When you reach the line containing "forall z, tends_to" in the entries below, begin reproducing lines exactly, and stop once the line containing "Definition bregman (X" is done.

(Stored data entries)

══════════════════════════════

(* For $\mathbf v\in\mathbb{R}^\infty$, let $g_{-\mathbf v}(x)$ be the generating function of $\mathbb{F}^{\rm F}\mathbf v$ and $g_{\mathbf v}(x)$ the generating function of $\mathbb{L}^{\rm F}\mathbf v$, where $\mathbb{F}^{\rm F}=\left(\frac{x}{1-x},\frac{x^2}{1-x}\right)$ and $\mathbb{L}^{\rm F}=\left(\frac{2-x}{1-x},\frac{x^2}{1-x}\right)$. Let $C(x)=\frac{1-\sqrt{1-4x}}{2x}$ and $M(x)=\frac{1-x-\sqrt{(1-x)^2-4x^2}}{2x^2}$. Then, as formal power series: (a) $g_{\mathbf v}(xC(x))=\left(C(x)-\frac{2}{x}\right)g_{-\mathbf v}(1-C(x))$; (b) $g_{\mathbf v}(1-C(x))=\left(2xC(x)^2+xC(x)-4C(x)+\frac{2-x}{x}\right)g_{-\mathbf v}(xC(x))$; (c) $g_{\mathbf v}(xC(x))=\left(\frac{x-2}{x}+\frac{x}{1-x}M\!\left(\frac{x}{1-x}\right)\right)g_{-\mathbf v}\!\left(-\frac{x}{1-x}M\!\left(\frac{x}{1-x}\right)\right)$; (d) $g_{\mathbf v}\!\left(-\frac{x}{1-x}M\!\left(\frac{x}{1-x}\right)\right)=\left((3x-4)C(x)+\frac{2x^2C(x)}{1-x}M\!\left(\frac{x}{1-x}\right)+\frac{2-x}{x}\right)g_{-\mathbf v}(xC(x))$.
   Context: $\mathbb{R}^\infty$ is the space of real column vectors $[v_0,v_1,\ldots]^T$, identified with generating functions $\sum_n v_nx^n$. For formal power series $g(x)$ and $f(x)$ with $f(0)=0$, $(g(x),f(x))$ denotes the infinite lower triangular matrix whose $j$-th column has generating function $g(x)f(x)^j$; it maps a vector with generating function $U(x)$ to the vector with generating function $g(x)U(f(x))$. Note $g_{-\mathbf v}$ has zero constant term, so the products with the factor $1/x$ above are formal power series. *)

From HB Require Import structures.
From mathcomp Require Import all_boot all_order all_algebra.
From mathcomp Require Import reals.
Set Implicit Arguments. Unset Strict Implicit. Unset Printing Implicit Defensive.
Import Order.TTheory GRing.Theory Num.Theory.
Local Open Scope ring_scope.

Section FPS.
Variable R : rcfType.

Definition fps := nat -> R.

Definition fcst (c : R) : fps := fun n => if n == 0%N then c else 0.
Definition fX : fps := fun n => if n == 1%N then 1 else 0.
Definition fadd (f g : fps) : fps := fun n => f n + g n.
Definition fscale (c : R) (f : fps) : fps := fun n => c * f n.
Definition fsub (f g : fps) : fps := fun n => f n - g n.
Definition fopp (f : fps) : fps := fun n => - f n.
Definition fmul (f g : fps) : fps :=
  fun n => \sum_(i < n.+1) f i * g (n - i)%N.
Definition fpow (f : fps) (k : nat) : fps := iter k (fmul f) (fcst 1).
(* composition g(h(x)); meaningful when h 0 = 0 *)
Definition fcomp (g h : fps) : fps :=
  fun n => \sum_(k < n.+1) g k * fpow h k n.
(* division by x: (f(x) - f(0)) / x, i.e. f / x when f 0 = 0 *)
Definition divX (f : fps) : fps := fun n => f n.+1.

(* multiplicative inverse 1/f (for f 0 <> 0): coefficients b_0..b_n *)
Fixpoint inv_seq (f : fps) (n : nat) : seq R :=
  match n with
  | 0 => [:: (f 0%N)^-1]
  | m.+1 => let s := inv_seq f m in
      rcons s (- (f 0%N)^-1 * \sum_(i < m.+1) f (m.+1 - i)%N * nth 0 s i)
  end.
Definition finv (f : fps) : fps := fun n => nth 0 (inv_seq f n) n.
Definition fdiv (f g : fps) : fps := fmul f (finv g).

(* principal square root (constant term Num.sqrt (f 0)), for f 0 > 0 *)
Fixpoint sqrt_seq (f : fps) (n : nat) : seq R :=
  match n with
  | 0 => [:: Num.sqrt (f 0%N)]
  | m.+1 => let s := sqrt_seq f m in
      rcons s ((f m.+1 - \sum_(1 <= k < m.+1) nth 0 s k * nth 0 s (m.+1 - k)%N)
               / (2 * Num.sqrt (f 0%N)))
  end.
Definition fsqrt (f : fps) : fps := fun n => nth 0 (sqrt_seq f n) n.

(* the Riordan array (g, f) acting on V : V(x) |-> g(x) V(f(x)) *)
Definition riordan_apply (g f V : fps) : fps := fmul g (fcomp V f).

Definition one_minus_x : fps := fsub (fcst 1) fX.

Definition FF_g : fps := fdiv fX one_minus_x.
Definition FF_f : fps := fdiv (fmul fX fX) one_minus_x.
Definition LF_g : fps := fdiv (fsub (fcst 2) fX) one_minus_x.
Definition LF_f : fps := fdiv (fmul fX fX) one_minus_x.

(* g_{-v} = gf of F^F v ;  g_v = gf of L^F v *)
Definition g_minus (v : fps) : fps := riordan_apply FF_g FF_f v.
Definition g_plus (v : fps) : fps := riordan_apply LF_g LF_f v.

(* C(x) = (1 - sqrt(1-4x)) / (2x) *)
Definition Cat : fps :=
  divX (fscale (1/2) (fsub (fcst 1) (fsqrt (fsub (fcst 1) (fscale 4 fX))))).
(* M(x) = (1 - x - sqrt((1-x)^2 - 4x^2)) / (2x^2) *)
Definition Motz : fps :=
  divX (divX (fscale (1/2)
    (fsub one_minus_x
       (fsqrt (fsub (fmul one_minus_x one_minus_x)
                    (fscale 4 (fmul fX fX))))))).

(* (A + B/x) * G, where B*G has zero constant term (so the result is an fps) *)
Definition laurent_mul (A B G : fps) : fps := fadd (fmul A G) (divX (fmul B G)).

══════════════════════════════

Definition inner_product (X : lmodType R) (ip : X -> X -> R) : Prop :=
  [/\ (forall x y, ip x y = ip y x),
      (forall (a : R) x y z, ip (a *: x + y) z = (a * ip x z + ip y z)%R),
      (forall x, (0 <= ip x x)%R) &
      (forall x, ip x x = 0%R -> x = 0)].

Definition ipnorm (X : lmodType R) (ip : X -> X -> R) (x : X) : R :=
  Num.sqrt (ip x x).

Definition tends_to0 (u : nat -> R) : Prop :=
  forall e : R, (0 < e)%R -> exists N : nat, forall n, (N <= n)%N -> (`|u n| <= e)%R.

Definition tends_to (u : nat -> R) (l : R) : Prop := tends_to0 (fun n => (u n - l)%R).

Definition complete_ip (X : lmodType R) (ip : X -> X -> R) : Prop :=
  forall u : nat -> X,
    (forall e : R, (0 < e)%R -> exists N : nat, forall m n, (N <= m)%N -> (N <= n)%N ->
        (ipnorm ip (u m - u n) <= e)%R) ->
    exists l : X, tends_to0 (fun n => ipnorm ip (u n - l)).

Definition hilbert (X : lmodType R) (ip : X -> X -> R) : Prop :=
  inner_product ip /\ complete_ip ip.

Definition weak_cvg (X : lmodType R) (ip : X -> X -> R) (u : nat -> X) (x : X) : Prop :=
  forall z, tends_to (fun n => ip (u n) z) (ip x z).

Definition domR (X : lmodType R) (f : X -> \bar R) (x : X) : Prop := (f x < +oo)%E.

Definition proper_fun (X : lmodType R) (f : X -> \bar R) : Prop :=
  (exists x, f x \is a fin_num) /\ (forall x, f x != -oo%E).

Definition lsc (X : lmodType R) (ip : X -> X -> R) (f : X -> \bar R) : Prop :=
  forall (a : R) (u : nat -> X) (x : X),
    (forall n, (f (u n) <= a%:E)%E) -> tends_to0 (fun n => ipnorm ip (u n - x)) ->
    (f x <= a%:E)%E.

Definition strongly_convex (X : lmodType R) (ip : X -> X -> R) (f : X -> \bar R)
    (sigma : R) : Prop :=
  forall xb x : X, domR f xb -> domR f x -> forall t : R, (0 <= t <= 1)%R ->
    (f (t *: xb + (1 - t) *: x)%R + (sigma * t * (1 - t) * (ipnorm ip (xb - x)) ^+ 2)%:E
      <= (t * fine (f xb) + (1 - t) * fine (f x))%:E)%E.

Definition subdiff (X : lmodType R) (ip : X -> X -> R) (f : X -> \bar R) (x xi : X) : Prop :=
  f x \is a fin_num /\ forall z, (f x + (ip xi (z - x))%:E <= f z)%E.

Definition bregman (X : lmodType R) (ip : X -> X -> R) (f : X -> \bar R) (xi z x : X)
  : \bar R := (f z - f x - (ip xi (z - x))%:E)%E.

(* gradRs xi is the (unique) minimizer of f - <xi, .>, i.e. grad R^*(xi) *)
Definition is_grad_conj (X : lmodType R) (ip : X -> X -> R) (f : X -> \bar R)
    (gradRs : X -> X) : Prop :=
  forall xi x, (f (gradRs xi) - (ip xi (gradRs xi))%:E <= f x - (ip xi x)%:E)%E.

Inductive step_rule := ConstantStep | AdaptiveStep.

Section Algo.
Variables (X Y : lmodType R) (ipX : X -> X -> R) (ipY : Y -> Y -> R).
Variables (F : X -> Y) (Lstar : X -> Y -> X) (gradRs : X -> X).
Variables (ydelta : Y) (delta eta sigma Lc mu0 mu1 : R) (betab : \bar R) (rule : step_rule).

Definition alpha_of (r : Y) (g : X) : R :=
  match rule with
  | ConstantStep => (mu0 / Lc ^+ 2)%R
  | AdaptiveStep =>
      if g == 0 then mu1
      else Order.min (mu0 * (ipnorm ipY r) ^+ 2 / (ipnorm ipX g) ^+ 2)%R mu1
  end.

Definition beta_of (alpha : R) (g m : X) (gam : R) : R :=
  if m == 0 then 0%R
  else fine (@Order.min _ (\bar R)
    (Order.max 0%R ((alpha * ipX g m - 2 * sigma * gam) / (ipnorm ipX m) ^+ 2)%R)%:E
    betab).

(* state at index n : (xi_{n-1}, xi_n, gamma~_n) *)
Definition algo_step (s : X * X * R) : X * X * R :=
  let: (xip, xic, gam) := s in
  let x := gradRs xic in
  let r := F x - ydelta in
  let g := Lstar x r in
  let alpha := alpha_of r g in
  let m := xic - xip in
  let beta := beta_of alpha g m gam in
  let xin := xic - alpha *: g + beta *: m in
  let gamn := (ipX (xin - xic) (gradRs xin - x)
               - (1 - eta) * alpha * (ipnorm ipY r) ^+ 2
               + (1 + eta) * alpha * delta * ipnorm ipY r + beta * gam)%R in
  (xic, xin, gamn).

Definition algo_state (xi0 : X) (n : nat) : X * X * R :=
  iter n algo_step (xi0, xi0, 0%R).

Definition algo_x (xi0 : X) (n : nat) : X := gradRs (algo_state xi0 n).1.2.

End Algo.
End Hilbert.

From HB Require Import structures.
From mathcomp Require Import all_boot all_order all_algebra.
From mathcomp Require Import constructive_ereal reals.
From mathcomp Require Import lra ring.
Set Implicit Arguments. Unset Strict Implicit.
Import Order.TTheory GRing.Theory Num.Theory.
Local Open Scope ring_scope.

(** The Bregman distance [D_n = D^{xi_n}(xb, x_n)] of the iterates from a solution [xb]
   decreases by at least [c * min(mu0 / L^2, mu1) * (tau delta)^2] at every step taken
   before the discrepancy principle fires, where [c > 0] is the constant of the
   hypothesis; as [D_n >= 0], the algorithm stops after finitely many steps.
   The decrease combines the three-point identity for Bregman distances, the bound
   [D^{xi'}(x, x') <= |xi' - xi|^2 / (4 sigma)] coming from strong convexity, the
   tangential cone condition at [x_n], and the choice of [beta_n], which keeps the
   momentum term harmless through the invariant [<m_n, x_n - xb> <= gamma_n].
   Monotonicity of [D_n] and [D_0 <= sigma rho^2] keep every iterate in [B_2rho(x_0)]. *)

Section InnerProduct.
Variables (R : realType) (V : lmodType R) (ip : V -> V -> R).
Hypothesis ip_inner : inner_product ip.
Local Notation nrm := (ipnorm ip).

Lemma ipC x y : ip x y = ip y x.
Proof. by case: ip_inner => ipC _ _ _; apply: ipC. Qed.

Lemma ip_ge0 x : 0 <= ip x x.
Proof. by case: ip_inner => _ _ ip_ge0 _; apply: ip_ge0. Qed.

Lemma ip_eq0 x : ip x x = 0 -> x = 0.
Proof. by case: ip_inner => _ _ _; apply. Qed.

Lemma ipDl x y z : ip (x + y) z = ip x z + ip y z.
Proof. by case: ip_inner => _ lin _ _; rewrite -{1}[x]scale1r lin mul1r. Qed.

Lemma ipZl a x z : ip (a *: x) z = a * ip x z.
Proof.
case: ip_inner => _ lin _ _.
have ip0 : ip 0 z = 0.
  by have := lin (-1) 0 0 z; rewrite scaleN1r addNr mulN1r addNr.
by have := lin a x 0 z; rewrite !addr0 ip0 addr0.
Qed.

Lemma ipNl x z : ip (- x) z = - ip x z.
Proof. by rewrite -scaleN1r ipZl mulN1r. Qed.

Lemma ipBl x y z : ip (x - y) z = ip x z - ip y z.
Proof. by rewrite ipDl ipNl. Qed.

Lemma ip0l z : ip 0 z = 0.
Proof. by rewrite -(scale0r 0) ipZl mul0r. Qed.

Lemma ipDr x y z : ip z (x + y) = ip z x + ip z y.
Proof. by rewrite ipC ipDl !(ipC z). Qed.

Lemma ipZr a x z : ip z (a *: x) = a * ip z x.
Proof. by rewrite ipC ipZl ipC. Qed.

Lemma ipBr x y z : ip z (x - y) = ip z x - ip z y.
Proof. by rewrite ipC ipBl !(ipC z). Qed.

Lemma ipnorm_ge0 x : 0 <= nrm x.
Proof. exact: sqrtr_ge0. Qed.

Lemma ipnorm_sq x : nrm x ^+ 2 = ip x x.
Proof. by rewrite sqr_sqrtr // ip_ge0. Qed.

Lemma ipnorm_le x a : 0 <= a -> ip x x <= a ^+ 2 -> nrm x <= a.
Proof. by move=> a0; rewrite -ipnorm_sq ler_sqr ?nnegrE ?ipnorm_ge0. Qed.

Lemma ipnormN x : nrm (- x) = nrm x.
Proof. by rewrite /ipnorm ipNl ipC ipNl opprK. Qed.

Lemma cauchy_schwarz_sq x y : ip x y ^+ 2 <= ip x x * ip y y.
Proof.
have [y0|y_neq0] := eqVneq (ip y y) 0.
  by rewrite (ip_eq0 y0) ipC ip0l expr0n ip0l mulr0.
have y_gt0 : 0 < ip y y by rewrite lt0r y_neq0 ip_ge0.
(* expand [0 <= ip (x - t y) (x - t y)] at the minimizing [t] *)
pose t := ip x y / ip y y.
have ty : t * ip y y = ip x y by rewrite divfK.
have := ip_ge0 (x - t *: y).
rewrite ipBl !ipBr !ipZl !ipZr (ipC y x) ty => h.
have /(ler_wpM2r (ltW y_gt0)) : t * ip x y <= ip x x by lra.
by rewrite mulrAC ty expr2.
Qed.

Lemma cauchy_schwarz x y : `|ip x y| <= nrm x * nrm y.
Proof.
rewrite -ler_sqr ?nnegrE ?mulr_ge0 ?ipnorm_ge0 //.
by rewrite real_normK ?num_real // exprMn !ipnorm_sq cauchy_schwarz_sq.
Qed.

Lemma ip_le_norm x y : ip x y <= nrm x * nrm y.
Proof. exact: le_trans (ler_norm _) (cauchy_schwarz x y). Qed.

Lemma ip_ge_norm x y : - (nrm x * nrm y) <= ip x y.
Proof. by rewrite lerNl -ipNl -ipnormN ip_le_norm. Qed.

══════════════════════════════

**SOLUTION BELOW:**
  forall z, tends_to (fun n => ip (u n) z) (ip x z).

Definition domR (X : lmodType R) (f : X -> \bar R) (x : X) : Prop := (f x < +oo)%E.

Definition proper_fun (X : lmodType R) (f : X -> \bar R) : Prop :=
  (exists x, f x \is a fin_num) /\ (forall x, f x != -oo%E).

Definition lsc (X : lmodType R) (ip : X -> X -> R) (f : X -> \bar R) : Prop :=
  forall (a : R) (u : nat -> X) (x : X),
    (forall n, (f (u n) <= a%:E)%E) -> tends_to0 (fun n => ipnorm ip (u n - x)) ->
    (f x <= a%:E)%E.

Definition strongly_convex (X : lmodType R) (ip : X -> X -> R) (f : X -> \bar R)
    (sigma : R) : Prop :=
  forall xb x : X, domR f xb -> domR f x -> forall t : R, (0 <= t <= 1)%R ->
    (f (t *: xb + (1 - t) *: x)%R + (sigma * t * (1 - t) * (ipnorm ip (xb - x)) ^+ 2)%:E
      <= (t * fine (f xb) + (1 - t) * fine (f x))%:E)%E.

Definition subdiff (X : lmodType R) (ip : X -> X -> R) (f : X -> \bar R) (x xi : X) : Prop :=
  f x \is a fin_num /\ forall z, (f x + (ip xi (z - x))%:E <= f z)%E.

Definition bregman (X : lmodType R) (ip : X -> X -> R) (f : X -> \bar R) (xi z x : X)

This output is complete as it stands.